■ DATA EXCERPTS
Start of Block

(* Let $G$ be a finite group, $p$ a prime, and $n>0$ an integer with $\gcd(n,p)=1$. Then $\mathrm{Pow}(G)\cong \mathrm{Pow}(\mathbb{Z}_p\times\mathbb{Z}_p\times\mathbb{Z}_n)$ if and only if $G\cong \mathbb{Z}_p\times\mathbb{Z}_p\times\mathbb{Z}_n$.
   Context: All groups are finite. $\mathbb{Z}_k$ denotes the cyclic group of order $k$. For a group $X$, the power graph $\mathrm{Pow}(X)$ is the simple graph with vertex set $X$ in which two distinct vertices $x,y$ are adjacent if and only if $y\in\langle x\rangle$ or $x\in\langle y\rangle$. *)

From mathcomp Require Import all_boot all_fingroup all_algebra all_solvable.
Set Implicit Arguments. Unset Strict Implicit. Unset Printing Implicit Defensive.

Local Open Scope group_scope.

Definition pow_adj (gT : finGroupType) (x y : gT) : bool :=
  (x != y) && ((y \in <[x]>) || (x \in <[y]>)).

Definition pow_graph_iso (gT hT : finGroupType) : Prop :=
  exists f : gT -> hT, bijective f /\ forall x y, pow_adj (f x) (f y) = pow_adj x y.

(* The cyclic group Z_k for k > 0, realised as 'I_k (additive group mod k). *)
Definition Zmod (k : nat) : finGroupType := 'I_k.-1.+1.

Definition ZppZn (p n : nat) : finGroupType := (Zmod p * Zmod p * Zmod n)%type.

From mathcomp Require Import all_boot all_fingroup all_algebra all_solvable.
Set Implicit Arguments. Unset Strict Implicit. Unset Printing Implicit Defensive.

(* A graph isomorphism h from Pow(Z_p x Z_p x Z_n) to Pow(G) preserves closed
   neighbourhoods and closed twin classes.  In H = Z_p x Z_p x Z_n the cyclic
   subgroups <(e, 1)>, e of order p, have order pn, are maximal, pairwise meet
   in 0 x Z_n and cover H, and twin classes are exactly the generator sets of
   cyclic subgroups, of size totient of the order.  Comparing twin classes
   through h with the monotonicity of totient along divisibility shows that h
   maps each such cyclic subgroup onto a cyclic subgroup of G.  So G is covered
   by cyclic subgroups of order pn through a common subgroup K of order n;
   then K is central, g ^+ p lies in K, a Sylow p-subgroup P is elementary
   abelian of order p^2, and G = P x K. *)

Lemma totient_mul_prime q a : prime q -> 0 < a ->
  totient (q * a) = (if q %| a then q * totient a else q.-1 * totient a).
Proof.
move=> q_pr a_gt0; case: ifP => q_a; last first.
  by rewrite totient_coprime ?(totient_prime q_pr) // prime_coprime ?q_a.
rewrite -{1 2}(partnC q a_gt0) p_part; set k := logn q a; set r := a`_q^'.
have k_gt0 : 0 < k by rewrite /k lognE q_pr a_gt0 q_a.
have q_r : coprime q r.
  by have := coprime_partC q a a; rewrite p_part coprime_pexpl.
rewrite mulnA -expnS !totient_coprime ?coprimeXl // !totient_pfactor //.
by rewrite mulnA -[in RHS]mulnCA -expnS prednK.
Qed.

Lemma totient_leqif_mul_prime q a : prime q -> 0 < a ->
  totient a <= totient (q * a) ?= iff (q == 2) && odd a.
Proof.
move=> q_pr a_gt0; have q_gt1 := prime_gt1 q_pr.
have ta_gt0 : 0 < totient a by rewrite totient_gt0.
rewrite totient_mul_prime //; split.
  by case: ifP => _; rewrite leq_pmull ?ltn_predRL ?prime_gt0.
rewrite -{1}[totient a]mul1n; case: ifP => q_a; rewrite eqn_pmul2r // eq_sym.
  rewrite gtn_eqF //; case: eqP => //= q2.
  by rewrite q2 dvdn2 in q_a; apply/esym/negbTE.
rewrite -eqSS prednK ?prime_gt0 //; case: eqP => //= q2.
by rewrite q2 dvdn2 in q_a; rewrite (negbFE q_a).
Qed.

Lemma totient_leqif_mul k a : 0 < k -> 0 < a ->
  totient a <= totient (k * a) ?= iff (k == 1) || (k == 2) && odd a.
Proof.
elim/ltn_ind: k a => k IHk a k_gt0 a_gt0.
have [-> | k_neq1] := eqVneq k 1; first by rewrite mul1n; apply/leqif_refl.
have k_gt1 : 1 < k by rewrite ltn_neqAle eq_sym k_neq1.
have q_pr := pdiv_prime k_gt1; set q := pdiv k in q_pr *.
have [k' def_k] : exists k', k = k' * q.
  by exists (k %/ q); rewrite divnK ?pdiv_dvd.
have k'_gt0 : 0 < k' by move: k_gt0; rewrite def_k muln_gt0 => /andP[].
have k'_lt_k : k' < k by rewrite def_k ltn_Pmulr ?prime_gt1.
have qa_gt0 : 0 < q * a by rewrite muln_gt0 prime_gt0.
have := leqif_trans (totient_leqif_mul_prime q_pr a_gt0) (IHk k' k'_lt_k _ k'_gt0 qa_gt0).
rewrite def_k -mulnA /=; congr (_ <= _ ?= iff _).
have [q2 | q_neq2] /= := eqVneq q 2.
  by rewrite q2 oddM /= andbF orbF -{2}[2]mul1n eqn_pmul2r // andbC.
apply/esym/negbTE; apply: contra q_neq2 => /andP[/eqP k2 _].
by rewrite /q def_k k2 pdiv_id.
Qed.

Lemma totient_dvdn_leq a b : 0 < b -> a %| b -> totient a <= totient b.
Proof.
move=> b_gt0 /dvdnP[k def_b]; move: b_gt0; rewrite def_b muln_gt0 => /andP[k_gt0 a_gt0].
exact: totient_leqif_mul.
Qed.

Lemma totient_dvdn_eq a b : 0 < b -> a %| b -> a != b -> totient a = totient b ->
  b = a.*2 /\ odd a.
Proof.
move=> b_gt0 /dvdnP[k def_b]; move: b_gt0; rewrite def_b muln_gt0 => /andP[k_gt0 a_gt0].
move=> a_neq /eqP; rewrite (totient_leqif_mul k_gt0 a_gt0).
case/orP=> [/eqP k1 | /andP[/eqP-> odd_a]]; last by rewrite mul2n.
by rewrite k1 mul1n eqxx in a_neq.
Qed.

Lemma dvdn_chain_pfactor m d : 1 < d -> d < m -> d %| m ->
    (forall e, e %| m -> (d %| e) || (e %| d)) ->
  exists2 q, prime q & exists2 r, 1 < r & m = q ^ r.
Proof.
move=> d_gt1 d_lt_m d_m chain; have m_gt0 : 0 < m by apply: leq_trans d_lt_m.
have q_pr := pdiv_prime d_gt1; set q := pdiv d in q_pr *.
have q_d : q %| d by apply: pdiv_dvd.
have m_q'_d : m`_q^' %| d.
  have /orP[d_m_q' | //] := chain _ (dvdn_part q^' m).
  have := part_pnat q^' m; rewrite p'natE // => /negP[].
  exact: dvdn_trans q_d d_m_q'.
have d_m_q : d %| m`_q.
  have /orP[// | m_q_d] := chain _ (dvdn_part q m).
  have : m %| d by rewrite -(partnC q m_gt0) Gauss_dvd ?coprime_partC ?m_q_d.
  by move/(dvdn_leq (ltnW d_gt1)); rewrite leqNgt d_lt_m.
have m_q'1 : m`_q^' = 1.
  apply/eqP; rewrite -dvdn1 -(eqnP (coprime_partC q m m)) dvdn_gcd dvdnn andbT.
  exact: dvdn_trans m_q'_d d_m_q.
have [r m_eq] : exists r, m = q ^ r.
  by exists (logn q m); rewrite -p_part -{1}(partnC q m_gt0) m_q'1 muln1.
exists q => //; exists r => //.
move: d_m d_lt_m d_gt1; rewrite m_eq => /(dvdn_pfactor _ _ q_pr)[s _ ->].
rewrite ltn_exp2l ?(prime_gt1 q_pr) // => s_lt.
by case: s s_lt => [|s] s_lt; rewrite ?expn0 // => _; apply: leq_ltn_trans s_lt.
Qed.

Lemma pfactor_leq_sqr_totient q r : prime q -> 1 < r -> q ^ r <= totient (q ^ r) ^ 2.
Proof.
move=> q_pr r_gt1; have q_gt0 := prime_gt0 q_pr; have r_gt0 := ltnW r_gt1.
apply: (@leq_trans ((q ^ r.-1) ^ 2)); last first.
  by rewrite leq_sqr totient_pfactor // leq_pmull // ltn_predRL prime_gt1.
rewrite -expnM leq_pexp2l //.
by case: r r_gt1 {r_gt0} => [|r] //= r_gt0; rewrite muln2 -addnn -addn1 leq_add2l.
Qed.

End of Block
Start of Block

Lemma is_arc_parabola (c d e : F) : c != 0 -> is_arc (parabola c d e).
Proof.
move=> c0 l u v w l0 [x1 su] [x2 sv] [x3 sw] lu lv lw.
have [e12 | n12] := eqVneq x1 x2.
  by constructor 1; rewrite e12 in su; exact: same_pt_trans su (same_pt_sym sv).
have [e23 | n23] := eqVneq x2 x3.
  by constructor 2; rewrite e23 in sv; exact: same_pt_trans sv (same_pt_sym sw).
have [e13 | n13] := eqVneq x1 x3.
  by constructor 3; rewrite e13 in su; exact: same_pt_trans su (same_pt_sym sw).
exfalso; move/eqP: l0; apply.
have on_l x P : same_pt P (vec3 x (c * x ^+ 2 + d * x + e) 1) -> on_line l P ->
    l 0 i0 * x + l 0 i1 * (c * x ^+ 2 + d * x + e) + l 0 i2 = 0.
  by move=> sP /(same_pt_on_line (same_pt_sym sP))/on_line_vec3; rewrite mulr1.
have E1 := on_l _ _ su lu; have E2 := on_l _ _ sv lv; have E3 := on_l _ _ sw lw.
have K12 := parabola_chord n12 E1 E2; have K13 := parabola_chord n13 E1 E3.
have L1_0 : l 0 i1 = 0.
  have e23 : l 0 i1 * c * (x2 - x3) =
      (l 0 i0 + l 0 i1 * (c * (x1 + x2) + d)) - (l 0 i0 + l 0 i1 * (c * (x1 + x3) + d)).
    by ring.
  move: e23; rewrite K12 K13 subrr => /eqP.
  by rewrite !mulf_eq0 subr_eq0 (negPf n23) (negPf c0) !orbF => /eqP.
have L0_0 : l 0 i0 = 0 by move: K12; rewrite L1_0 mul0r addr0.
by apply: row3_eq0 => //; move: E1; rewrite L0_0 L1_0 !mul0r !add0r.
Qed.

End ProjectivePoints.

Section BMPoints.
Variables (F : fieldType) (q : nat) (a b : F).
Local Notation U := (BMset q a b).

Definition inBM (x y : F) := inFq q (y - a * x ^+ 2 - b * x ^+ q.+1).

End of Block

■ WORK INSTRUCTION
What you return must be an exact retyping of the lines above starting at the line with "elim/ltn_ind: k a => k IHk a k_gt0 a_gt0." and ending at the line with "Lemma dvdn_chain_pfactor m", and nothing besides.

■ PROBLEM SOLUTION
elim/ltn_ind: k a => k IHk a k_gt0 a_gt0.
have [-> | k_neq1] := eqVneq k 1; first by rewrite mul1n; apply/leqif_refl.
have k_gt1 : 1 < k by rewrite ltn_neqAle eq_sym k_neq1.
have q_pr := pdiv_prime k_gt1; set q := pdiv k in q_pr *.
have [k' def_k] : exists k', k = k' * q.
  by exists (k %/ q); rewrite divnK ?pdiv_dvd.
have k'_gt0 : 0 < k' by move: k_gt0; rewrite def_k muln_gt0 => /andP[].
have k'_lt_k : k' < k by rewrite def_k ltn_Pmulr ?prime_gt1.
have qa_gt0 : 0 < q * a by rewrite muln_gt0 prime_gt0.
have := leqif_trans (totient_leqif_mul_prime q_pr a_gt0) (IHk k' k'_lt_k _ k'_gt0 qa_gt0).
rewrite def_k -mulnA /=; congr (_ <= _ ?= iff _).
have [q2 | q_neq2] /= := eqVneq q 2.
  by rewrite q2 oddM /= andbF orbF -{2}[2]mul1n eqn_pmul2r // andbC.
apply/esym/negbTE; apply: contra q_neq2 => /andP[/eqP k2 _].
by rewrite /q def_k k2 pdiv_id.
Qed.

Lemma totient_dvdn_leq a b : 0 < b -> a %| b -> totient a <= totient b.
Proof.
move=> b_gt0 /dvdnP[k def_b]; move: b_gt0; rewrite def_b muln_gt0 => /andP[k_gt0 a_gt0].
exact: totient_leqif_mul.
Qed.

Lemma totient_dvdn_eq a b : 0 < b -> a %| b -> a != b -> totient a = totient b ->
  b = a.*2 /\ odd a.
Proof.
move=> b_gt0 /dvdnP[k def_b]; move: b_gt0; rewrite def_b muln_gt0 => /andP[k_gt0 a_gt0].
move=> a_neq /eqP; rewrite (totient_leqif_mul k_gt0 a_gt0).
case/orP=> [/eqP k1 | /andP[/eqP-> odd_a]]; last by rewrite mul2n.
by rewrite k1 mul1n eqxx in a_neq.
Qed.

Lemma dvdn_chain_pfactor m d : 1 < d -> d < m -> d %| m ->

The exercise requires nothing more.